What is being asked => Work out how many lines in the listing below include the word "Import". Give nothing but the number.

Data segment =>
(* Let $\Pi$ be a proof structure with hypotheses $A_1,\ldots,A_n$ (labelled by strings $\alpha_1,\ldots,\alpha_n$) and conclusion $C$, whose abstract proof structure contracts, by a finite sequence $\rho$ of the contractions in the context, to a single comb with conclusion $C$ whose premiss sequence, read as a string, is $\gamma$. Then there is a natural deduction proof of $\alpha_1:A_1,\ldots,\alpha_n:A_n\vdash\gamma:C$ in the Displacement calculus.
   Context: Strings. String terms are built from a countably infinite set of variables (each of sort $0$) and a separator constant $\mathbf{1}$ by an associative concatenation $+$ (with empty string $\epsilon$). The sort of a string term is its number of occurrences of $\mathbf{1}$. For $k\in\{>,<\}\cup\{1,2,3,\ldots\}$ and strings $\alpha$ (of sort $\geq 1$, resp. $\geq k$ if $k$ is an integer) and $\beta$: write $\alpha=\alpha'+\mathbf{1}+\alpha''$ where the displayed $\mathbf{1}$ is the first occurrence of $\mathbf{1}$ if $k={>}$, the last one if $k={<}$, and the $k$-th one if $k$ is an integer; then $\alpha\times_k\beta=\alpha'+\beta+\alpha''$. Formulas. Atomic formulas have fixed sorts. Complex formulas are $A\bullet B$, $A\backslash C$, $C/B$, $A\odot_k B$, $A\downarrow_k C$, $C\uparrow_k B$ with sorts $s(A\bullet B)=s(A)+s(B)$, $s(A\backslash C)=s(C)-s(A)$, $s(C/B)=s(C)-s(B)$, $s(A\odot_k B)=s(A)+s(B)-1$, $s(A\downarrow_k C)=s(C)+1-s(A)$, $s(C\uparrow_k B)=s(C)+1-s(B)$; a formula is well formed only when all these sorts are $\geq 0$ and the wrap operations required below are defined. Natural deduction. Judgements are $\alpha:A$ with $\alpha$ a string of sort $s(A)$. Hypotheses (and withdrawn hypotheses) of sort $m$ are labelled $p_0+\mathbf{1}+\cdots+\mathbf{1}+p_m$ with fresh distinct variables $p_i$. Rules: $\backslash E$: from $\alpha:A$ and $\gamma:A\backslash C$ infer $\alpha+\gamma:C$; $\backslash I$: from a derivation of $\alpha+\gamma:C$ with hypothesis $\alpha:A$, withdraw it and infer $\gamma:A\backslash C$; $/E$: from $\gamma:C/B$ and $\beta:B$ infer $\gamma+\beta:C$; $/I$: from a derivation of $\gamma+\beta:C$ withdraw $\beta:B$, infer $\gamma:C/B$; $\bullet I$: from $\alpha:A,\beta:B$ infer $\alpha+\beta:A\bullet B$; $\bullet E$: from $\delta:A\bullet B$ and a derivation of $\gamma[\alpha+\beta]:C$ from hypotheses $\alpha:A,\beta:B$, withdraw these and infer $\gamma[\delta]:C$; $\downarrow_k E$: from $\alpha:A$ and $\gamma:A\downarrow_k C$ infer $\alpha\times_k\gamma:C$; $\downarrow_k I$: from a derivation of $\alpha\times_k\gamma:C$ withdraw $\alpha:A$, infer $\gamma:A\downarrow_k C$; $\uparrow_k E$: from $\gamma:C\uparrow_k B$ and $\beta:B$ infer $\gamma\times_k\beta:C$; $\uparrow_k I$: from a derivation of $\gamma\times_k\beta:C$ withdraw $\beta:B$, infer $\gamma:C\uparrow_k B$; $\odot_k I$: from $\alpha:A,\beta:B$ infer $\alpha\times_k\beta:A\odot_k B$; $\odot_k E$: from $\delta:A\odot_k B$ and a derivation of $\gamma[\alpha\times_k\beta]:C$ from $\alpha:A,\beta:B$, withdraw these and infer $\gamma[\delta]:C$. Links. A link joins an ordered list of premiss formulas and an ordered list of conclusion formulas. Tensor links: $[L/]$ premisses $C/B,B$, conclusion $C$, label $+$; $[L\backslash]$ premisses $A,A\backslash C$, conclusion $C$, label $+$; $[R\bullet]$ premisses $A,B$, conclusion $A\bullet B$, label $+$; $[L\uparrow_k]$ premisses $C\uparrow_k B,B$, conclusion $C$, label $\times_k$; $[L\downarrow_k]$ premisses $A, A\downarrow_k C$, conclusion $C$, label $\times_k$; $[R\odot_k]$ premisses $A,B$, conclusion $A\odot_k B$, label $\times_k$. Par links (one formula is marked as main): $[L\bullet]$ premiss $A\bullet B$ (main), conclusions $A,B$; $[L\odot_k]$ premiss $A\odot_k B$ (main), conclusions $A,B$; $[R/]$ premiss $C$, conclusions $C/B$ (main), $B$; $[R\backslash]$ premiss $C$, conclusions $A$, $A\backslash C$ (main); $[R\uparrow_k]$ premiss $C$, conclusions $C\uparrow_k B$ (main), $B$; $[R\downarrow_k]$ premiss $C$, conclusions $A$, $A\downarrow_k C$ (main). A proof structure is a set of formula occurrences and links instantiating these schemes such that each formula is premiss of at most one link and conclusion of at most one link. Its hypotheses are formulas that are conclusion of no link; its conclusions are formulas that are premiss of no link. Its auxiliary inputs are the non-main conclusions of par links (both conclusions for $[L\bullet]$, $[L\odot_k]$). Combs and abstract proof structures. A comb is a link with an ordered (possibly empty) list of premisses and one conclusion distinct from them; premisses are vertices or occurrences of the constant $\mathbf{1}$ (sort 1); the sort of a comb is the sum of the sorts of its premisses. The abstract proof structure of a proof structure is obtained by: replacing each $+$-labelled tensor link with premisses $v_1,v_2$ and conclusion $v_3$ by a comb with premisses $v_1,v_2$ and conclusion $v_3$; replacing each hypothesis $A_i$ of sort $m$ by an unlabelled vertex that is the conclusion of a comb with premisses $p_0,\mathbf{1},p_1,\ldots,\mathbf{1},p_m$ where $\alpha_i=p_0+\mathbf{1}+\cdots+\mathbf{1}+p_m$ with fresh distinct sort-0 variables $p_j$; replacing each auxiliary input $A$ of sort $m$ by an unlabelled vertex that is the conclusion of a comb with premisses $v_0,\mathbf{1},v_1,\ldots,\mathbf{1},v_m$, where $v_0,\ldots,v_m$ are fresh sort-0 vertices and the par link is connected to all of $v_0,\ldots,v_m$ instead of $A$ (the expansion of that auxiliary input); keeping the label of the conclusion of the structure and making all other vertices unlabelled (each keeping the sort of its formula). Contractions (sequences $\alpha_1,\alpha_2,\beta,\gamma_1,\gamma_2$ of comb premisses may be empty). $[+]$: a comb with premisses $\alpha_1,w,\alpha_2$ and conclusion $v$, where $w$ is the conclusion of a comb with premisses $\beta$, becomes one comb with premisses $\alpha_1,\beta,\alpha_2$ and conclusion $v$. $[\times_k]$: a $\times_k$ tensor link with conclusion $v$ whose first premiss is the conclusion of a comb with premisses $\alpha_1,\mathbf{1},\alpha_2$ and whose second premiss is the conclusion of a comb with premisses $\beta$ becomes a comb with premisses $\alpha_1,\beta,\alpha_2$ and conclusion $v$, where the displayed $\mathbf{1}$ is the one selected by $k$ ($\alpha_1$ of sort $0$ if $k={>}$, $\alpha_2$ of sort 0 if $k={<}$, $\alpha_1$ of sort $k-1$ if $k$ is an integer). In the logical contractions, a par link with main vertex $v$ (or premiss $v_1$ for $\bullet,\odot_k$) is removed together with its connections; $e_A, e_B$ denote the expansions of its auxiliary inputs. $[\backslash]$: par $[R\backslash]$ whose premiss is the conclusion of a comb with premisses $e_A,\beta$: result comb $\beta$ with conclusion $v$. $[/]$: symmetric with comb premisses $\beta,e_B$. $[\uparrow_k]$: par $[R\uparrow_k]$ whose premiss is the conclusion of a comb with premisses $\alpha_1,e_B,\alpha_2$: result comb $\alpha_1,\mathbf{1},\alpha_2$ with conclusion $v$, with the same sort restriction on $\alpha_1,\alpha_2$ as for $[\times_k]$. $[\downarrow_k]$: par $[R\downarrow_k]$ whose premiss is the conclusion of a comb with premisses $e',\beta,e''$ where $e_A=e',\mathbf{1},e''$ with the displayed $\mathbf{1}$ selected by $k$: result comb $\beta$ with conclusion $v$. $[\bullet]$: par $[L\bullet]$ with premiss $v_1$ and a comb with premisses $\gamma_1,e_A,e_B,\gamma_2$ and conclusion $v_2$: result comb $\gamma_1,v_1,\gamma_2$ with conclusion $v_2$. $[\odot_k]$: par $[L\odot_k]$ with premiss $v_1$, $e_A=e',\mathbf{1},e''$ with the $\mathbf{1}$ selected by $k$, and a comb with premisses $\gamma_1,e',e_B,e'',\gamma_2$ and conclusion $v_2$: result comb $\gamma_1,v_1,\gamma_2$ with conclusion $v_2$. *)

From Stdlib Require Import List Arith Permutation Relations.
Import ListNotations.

Answer to the problem => 2